Theory-based Empirical Asset Pricing Research (TBEAR) Network

The TBEAR Network

How do risk premia for financial assets vary over time and across states of the world? How does this variation affect the behavior of asset prices over time and differences across assets?

While these questions are not new in asset pricing research, the aim of the TBEAR network is to promote theory-based empirical research in asset pricing to approach these questions. For that purpose, we organize annual workshops that bring together leading researchers working at the nexus of empirical and theoretical asset pricing. By presenting and discussing recent research, we expect to gain insights into the sources of risk premia that go beyond their mere statistical description, which has often been the focus of past and current asset pricing research.

The initiative is funded by the German Research Foundation (DFG). Type of funding: Scientific network. Project number: 454790565.

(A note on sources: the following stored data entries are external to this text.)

(* Let $J_{mult}\subset dWHA$ be the subgroup spanned by all substitutions $\binom{\rho}{\sigma}$ such that some letter occurs at least twice in $\rho$ or at least twice in $\sigma$. Then $J_{mult}$ is a Hopf ideal of $(dWHA,m,\mu)$: $m(J_{mult}\otimes dWHA)+m(dWHA\otimes J_{mult})\subset J_{mult}$, $\mu(J_{mult})\subset J_{mult}\otimes dWHA+dWHA\otimes J_{mult}$, and $\varepsilon(J_{mult})=0$. Consequently the $\mathbf Z$-linear map $\psi:dWHA\to\varphi(MPR)$ that is the identity on substitutions with no repeated letter in either word and zero on substitutions in $J_{mult}$ is a Hopf algebra morphism and a Hopf algebra retraction of the inclusion $\varphi(MPR)\subset dWHA$.
   Context: Words are finite sequences of letters; $*$ denotes concatenation; the support $\mathrm{supp}(\alpha)$ of a word is the set of letters occurring in it. The shuffle product $\alpha\times_{sh}\beta$ of words $\alpha=[c_1,\dots,c_p]$, $\beta=[d_1,\dots,d_q]$ is the sum, with multiplicities, over all ways of choosing $p$ of the $p+q$ positions, of the word obtained by placing the $c$'s in their original order in the chosen positions and the $d$'s in their original order in the remaining ones. A subword of $[a_1,\dots,a_m]$ is a word $[a_{i_1},\dots,a_{i_r}]$ with $i_1<\dots<i_r$. Definition of $dWHA$: Let $\mathcal X$ be a countably infinite alphabet. A substitution is a pair $p=\binom{\rho}{\sigma}$ of words over $\mathcal X$ with $\mathrm{supp}(\rho)=\mathrm{supp}(\sigma)$, considered up to simultaneously renaming the letters of both words by a bijection of $\mathcal X$. $dWHA$ is the free abelian group with basis all substitutions (including the empty substitution $\binom{[\,]}{[\,]}$), graded by $\deg(p)=\#\mathrm{supp}(\rho)$. Multiplication: for substitutions $p=\binom{\rho}{\sigma}$, $p'=\binom{\rho'}{\sigma'}$ written with $\mathrm{supp}(\rho)\cap\mathrm{supp}(\rho')=\emptyset$, $m(p\otimes p')=\binom{\rho*\rho'}{\sigma\times_{sh}\sigma'}$, meaning the sum of $\binom{\rho*\rho'}{\gamma}$ over the terms $\gamma$ (with multiplicity) of $\sigma\times_{sh}\sigma'$. The unit is the empty substitution. A good cut of a word $\sigma$ is a factorization $\sigma=\sigma_1*\sigma_2$ with $\mathrm{supp}(\sigma_1)\cap\mathrm{supp}(\sigma_2)=\emptyset$ (the two trivial cuts included). Comultiplication: $\mu(p)=\sum \binom{p^{-1}(\sigma_1)}{\sigma_1}\otimes\binom{p^{-1}(\sigma_2)}{\sigma_2}$, summed over all good cuts $\sigma=\sigma_1*\sigma_2$, where $p^{-1}(\sigma_i)$ is the subword of $\rho$ consisting of all occurrences in $\rho$ of letters of $\mathrm{supp}(\sigma_i)$. Counit: $\varepsilon$ is $1$ on the empty substitution and $0$ on all other substitutions. This is a Hopf algebra. $\varphi(MPR)$ denotes the sub Hopf algebra of $dWHA$ spanned by the substitutions in which neither the top nor the bottom word has a repeated letter (it is the image of the Hopf algebra of permutations $MPR$ under $[t_1,\dots,t_n]\mapsto\binom{[x_1,\dots,x_n]}{[x_{t_1},\dots,x_{t_n}]}$). *)

From HB Require Import structures.
From mathcomp Require Import all_boot all_order all_algebra.
From mathcomp Require Import finmap.
From mathcomp Require Import monalg.

Set Implicit Arguments.
Unset Strict Implicit.
Unset Printing Implicit Defensive.

Import GRing.Theory.
Local Open Scope ring_scope.

(* Letters: the countably infinite alphabet X is nat.  Words: seq nat. *)
(* A substitution (rho ; sigma) with supp rho = supp sigma, up to a     *)
(* simultaneous bijective renaming of letters, is represented by its    *)
(* unique canonical representative: letters renamed 0,1,2,... in the    *)
(* order of their first occurrence in rho.                              *)

Definition same_supp (r s : seq nat) : bool := all (mem r) s && all (mem s) r.
Lemma gronwall_cV_eq0 n (w dw : R -> 'cV[R]_n) (k l : R -> R) s :
  (forall t : R, is_derive t 1 w (dw t)) ->
  (forall t : R, is_derive t 1 l (k t)) -> (forall t, 0 <= k t) ->
  (forall t, `|dw t| <= k t * `|w t|) -> w s = 0 -> forall t, w t = 0.
Proof.
move=> dwP lP k_ge0 dw_le ws0 t.
(* The sup norm is not differentiable, but the sum of squares of the entries
   is, and it dominates the squared sup norm. *)
pose V x := \sum_(i < n) w x i 0 ^+ 2.
pose dV x := \sum_(i < n) (2 * w x i 0) * dw x i 0.
have dVP (x : R) : is_derive x 1 V (dV x).
  have -> : V = \sum_(i < n) (fun x => w x i 0 ^+ 2).
    by apply/funext => y; rewrite fct_sumE.
  apply: is_derive_sum => i.
  have := is_deriveX 2 ((is_derive_mxP _ _ _).1 (dwP x) i 0).
  by move=> /is_derive_eq; apply; rewrite expr1.
have nlP (x : R) : is_derive x 1 (fun y => 2 * n%:R * l y) (2 * n%:R * k x).
  exact: (is_deriveZ (2 * n%:R) (lP x)).
have V_ge0 x : 0 <= V x by apply: sumr_ge0 => i _; exact: sqr_ge0.
have normw_le x : `|w x| ^+ 2 <= V x.
  have [->|/mx_norm_neq0 [[i j] wij]] := eqVneq `|w x| 0; first by rewrite expr0n.
  change (mx_norm (w x) ^+ 2 <= V x); rewrite wij real_normK ?num_real //.
  rewrite /V (bigD1 i) //= (ord1 j) lerDl.
  by apply: sumr_ge0 => *; exact: sqr_ge0.
have dV_le x : `|dV x| <= 2 * n%:R * k x * V x.
  apply: le_trans (ler_norm_sum _ _ _) _.
  apply: le_trans (_ : \sum_(i < n) 2 * (k x * `|w x| ^+ 2) <= _).
    apply: ler_sum => i _; rewrite !normrM ger0_norm // -mulrA ler_pM2l // expr2 mulrCA.
    by rewrite ler_pM ?ler_mx_entry_norm // (le_trans (ler_mx_entry_norm _ _ _)).
  have -> : \sum_(i < n) 2 * (k x * `|w x| ^+ 2) = 2 * n%:R * k x * `|w x| ^+ 2.
    by rewrite sumr_const card_ord -mulr_natr; ring.
  by rewrite ler_wpM2l ?mulr_ge0.
have V0 := gronwall_eq0 dVP nlP V_ge0 dV_le (_ : V s = 0).
apply/eqP; rewrite -normr_eq0 -sqrf_eq0 eq_le sqr_ge0 andbT -(V0 _ t).
  exact: normw_le.
by rewrite /V big1 // => i _; rewrite ws0 mxE expr0n.
Qed.

End Gronwall.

Since the seminal article by Fama and French (1992), the empirical asset pricing literature has been dominated by studies that statistically demonstrate alleged relations between stock or firm characteristics and unconditional expected returns in the cross-section of stocks. This approach is problematic for two reasons. First, empirical tests should always start with a clear hypothesis derived from economic theory, which allows a clear interpretation of the test results. However, many empirical asset pricing papers lack this theoretical foundation. Instead, papers often define statistical factors and argue that these factors must be related to the marginal utility of investors, without giving a theoretical justification. Second, due to the lack of theoretical discipline in the derivation of testable hypotheses, research has largely focused on screening the data for regularities and correlations between stock characteristics and subsequent returns. Cochrane (2011) and Harvey, Liu, and Zhu (2016) have established the term “factor zoo” and conclude that the usual criteria for statistical inference no longer applied, since empirical asset pricing research had put itself in a multiple testing environment.

The approach of our network is to eschew the roots of this statistical problem. The aim is to search specifically for implications from asset pricing theory regarding the cross-sectional and time series properties of risk premia in financial markets and to translate these into clear-cut testable hypotheses. Since large parts of the empirical literature test unconditional factor models, but asset pricing models often imply conditional factor models (i.e., models with time-varying risk premia), sophisticated econometric methods will be necessary to bring the testable hypotheses to the data. In order to advance asset pricing research in this direction, it is necessary to gain an integral view of the research question discussed above. To this end, the network is supposed to bring together researchers in the field of asset pricing with special expertise in theory, empirics, and econometric methods. It serves as a forum to stimulate collaboration between researchers from these different areas.